### WHAT TO WORK ON
Report each line below that carries the word "close".

### DATA FOR THIS EXERCISE
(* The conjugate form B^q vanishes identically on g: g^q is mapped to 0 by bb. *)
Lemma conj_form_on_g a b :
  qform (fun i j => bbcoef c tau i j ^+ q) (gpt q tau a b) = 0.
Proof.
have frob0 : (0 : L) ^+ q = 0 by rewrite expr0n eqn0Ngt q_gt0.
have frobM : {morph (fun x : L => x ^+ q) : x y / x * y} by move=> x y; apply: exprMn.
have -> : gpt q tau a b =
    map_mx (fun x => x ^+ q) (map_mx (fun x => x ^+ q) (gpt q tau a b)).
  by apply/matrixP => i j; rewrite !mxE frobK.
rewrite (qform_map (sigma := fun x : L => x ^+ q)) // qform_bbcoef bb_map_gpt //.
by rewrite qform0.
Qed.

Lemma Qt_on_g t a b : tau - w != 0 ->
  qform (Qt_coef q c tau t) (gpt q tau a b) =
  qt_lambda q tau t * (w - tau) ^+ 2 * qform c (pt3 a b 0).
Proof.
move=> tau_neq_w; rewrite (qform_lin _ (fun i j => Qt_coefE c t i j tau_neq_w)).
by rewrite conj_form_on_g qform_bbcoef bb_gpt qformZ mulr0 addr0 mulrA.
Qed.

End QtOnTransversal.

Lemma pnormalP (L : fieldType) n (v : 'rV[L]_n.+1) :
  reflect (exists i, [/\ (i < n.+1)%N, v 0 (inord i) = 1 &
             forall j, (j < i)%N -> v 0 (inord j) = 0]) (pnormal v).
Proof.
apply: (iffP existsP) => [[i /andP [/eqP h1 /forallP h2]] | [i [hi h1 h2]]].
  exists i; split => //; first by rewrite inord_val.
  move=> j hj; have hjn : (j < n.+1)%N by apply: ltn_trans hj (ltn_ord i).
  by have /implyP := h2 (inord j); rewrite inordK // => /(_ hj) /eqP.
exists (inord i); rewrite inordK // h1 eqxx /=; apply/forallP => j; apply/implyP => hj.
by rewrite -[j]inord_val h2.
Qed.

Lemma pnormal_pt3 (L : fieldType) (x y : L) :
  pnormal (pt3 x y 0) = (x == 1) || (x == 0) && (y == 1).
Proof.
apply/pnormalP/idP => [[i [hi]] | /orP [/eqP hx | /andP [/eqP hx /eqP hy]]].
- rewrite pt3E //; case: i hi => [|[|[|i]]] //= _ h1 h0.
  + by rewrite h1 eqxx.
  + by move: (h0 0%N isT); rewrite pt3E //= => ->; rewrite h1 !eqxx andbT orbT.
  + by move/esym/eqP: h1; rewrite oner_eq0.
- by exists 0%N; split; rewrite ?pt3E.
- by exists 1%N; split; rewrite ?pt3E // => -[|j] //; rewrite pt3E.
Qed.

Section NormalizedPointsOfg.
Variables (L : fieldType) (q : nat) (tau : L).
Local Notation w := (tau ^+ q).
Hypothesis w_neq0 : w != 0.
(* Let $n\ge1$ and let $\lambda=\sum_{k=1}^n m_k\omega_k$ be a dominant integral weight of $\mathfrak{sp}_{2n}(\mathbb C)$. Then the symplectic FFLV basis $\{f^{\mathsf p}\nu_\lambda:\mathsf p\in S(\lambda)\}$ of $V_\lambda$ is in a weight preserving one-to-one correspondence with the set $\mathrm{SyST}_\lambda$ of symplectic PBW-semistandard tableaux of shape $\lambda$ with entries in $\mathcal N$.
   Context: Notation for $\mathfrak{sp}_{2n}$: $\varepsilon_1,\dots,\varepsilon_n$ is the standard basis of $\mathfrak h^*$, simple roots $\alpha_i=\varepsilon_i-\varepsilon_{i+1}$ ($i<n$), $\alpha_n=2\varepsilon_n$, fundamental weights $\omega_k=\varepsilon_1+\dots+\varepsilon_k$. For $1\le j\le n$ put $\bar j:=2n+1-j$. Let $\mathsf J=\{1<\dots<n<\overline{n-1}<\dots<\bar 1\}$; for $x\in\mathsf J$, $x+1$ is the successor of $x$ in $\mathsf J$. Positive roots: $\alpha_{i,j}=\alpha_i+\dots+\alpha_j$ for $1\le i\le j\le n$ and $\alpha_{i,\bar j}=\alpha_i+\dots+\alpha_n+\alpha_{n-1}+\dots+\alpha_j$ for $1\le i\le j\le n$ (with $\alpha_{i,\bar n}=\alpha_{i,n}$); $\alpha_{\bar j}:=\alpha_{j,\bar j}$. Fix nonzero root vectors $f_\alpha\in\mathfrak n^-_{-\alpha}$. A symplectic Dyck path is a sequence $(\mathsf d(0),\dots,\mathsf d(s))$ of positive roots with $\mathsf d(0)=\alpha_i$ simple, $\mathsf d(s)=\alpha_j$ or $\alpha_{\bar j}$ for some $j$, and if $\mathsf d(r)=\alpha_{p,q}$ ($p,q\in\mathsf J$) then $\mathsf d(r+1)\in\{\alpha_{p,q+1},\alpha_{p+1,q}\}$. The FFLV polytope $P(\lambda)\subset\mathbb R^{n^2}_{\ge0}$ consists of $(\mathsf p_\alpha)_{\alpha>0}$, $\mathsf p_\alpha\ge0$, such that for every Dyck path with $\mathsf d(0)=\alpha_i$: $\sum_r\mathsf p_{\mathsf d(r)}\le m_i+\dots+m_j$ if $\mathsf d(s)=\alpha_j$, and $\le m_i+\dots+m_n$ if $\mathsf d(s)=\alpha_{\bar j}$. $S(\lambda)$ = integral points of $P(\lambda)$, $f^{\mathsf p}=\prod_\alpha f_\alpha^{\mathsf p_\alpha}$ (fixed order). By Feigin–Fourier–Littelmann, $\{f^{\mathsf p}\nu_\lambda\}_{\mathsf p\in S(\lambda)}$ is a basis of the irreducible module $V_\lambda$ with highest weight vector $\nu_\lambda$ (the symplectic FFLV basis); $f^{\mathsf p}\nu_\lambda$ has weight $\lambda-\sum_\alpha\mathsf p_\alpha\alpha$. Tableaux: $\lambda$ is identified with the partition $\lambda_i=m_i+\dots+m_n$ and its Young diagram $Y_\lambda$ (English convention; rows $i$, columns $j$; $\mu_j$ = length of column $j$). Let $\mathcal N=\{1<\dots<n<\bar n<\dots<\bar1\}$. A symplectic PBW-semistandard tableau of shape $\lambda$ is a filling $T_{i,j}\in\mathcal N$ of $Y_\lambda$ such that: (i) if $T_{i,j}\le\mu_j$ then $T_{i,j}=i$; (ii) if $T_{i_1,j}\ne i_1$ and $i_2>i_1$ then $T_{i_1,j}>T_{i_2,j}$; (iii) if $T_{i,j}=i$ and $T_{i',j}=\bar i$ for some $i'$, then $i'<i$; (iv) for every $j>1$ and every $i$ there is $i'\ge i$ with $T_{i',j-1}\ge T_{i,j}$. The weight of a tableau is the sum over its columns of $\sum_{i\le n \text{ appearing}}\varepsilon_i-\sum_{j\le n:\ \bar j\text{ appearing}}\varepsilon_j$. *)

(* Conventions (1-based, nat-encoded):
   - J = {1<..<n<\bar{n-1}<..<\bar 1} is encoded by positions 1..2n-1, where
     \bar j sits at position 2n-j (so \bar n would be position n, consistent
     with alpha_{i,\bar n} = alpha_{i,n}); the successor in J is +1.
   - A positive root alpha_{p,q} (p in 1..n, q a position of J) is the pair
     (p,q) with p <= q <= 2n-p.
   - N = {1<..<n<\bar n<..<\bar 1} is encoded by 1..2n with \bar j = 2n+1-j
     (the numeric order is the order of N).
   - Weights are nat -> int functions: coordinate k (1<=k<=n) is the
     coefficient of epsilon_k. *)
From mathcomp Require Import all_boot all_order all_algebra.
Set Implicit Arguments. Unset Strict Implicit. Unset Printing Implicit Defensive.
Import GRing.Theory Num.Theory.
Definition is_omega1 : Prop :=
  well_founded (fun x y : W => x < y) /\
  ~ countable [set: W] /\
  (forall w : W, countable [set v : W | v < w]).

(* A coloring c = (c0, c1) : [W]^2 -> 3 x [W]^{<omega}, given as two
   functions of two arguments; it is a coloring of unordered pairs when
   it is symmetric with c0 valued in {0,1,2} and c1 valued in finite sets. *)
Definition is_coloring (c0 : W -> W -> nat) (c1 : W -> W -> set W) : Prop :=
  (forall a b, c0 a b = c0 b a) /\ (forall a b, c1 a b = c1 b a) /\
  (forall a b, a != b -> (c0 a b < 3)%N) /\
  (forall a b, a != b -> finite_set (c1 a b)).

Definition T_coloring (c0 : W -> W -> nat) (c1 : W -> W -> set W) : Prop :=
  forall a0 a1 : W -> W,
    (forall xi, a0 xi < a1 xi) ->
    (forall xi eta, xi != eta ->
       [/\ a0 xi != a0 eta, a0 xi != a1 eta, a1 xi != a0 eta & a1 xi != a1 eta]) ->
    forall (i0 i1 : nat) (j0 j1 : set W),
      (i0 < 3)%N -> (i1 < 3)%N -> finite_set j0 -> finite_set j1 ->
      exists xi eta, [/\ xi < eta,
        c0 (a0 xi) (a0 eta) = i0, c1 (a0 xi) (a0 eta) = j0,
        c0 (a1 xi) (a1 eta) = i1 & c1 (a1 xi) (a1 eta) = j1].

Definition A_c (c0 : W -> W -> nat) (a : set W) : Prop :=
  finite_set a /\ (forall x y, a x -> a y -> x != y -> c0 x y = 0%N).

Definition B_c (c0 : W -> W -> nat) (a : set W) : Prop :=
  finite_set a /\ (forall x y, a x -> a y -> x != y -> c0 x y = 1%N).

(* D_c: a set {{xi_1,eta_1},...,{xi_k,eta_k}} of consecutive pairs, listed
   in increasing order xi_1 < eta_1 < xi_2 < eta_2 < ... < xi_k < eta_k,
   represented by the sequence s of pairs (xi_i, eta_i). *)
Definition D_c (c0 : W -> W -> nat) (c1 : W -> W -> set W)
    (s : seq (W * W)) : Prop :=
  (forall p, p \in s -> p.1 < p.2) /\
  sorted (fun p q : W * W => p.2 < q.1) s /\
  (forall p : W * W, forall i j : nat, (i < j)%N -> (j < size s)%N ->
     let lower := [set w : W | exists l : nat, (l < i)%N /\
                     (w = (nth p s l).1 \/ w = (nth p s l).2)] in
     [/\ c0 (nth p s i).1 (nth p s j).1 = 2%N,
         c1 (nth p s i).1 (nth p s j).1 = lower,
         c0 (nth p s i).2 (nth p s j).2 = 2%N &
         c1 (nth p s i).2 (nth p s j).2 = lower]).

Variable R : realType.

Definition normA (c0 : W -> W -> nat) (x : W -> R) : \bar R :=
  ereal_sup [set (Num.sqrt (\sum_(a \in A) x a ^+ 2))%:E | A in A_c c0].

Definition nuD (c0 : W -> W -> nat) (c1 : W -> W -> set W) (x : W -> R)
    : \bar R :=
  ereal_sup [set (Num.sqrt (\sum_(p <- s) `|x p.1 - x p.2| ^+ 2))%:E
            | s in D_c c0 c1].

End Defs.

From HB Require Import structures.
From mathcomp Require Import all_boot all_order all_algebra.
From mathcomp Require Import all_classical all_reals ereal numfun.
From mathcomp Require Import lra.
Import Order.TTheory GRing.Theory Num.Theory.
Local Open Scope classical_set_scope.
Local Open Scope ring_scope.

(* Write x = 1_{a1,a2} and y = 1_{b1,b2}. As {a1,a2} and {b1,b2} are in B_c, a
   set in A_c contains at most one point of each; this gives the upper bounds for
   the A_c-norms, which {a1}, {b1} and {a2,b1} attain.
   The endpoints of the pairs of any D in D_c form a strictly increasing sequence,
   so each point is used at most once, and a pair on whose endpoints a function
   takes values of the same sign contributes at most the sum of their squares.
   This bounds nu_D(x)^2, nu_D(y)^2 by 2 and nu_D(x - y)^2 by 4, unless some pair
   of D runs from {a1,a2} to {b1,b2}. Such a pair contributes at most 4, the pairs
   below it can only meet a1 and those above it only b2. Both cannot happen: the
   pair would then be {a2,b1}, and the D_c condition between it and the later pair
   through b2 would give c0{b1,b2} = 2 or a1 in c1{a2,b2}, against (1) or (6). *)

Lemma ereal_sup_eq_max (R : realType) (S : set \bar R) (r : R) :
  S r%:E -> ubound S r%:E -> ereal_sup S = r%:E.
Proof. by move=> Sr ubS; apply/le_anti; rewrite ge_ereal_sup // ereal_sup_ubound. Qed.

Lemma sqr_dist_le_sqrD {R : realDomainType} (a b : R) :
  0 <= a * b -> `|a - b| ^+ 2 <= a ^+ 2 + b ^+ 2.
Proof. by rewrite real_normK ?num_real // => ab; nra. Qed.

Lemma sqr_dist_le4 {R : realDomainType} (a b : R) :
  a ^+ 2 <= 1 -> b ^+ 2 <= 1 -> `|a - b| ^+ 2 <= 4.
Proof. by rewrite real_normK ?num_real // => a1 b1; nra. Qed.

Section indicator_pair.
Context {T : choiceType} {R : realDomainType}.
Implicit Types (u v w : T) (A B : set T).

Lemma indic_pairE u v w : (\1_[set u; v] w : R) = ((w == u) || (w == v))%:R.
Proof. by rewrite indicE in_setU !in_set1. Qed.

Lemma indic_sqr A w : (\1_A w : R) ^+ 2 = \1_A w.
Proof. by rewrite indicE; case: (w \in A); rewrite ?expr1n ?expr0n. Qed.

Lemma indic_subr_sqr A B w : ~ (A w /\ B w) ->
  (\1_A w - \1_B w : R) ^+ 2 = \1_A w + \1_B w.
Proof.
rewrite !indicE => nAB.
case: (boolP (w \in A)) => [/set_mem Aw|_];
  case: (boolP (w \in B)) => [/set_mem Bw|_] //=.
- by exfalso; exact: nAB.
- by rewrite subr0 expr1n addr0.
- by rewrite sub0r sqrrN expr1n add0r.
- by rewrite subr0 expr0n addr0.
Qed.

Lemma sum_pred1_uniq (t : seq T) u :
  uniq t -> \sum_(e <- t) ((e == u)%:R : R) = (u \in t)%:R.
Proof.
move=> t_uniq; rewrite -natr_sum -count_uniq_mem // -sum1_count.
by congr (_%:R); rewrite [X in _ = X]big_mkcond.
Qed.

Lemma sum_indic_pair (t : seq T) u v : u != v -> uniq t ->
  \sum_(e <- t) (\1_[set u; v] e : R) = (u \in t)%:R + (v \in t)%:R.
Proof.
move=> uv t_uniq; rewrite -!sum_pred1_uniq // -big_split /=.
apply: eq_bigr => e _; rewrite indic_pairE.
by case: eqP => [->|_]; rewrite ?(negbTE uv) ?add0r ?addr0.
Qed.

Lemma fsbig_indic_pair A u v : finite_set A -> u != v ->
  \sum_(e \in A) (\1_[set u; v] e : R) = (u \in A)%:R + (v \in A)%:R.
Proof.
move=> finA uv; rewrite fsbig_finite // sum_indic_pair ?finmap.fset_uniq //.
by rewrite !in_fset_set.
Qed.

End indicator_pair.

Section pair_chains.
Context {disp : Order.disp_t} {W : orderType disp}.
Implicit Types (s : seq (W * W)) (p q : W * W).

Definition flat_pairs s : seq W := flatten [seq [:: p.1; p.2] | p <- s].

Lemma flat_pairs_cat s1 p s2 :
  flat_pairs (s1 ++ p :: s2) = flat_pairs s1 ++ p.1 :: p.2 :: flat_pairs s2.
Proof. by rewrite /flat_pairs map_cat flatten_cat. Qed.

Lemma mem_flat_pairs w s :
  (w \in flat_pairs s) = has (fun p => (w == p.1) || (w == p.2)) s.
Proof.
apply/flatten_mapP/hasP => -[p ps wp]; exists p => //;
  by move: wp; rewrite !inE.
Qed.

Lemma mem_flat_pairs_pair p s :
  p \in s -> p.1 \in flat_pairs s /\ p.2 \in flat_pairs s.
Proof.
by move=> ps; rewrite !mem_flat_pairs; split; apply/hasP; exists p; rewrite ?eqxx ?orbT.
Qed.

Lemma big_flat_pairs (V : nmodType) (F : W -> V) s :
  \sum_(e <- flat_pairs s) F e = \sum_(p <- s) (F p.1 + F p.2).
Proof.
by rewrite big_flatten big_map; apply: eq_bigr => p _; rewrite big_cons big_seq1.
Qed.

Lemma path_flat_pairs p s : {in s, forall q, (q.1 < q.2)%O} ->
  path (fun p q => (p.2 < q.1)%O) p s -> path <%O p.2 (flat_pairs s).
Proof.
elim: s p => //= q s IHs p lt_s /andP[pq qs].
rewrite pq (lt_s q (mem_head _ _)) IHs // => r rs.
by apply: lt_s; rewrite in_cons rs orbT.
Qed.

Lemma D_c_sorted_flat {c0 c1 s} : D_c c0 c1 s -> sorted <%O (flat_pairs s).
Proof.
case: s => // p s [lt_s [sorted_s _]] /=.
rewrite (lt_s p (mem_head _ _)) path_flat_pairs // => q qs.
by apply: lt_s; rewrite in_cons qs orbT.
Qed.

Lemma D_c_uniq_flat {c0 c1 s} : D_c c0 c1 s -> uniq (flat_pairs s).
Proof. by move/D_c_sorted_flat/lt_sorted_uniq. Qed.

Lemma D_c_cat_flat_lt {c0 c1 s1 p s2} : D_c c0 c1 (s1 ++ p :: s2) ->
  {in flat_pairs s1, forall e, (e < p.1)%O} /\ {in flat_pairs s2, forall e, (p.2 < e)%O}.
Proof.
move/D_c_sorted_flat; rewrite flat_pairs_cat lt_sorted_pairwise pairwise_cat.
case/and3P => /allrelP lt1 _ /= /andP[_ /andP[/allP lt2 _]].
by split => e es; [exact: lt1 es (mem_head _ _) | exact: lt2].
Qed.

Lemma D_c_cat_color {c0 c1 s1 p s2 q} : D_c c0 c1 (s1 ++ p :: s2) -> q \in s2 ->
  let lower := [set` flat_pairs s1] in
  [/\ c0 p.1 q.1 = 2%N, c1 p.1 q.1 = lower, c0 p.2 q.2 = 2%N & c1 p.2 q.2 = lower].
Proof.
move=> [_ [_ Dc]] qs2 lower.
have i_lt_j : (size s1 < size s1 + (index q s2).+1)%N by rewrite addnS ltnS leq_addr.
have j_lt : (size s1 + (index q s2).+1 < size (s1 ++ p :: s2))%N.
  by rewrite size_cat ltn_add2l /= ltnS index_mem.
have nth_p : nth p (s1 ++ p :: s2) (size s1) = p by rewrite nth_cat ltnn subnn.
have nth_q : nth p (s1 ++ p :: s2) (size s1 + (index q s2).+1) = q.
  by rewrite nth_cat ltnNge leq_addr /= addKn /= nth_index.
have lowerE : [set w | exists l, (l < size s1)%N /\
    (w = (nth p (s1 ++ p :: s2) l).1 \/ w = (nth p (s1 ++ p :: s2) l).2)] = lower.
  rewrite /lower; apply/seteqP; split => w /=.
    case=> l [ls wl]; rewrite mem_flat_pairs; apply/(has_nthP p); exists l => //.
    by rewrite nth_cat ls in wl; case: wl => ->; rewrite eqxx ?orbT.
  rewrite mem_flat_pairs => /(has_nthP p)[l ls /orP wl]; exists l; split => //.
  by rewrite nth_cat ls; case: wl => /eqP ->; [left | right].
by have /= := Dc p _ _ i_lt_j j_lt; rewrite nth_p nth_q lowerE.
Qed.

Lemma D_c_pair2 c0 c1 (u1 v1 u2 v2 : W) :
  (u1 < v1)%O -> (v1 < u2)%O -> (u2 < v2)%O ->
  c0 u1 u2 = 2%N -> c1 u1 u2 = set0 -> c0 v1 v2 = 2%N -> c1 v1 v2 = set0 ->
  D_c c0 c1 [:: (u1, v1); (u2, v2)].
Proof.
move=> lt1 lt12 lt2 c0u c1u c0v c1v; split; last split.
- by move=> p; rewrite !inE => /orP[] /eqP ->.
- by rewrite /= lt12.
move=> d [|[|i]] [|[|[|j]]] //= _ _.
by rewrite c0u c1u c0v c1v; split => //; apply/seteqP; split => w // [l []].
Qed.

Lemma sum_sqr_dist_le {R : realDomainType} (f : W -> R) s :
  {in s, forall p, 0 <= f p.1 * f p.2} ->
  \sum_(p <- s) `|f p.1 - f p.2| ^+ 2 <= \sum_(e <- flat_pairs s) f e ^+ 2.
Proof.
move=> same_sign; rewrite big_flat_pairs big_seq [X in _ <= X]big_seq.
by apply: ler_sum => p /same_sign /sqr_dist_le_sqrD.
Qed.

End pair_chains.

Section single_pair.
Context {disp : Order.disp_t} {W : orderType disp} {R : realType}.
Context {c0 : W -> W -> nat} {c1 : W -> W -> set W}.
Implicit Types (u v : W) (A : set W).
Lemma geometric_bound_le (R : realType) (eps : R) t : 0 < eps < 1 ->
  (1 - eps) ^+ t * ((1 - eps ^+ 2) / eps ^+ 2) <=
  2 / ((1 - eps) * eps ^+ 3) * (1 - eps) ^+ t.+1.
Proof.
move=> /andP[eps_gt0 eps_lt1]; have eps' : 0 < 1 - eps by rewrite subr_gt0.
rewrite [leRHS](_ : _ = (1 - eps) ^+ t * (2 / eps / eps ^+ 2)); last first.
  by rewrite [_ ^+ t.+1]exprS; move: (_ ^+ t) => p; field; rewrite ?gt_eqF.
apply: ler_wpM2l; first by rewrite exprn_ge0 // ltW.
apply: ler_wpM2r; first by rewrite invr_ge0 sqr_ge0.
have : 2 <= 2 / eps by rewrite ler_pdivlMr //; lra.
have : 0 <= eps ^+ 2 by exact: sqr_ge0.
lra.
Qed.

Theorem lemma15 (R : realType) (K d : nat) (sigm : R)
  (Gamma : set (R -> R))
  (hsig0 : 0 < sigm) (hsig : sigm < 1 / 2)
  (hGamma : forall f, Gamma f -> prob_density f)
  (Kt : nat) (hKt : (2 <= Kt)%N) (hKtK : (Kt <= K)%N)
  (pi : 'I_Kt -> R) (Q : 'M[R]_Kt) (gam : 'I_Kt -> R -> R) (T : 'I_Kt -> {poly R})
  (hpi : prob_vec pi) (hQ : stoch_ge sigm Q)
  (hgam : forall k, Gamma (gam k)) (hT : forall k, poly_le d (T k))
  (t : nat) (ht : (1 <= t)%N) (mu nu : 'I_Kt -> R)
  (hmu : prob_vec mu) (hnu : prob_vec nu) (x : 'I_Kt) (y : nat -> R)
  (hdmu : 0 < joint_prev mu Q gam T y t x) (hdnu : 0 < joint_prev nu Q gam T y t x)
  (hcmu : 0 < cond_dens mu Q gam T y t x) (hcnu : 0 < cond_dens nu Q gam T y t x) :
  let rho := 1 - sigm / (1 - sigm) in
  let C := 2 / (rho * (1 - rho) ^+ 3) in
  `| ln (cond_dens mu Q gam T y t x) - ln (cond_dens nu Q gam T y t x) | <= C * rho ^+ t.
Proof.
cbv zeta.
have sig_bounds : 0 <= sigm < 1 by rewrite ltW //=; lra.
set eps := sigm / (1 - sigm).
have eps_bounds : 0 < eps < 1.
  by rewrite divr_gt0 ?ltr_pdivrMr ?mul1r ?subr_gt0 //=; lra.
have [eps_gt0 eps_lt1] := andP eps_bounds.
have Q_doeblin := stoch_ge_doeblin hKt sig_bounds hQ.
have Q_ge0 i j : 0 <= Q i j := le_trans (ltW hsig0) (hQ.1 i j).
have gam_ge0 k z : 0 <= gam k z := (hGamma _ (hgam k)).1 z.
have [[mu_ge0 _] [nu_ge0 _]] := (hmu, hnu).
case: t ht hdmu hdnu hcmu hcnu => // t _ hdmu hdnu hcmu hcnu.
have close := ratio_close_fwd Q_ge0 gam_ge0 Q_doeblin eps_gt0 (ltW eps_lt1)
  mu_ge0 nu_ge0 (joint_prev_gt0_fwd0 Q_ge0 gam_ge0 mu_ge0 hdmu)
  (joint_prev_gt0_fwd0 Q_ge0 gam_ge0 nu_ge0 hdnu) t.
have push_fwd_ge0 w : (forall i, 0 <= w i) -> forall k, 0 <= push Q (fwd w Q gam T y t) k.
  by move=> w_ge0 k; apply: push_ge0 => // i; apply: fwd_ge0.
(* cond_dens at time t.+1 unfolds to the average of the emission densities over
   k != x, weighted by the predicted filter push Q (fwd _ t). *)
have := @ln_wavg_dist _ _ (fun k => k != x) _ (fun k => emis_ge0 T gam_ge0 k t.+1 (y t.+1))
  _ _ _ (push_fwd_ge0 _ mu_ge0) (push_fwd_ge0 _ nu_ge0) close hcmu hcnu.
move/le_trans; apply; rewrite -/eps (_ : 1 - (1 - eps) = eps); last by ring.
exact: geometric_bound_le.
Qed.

### RESPONSE AREA
have close := ratio_close_fwd Q_ge0 gam_ge0 Q_doeblin eps_gt0 (ltW eps_lt1)
  _ _ _ (push_fwd_ge0 _ mu_ge0) (push_fwd_ge0 _ nu_ge0) close hcmu hcnu.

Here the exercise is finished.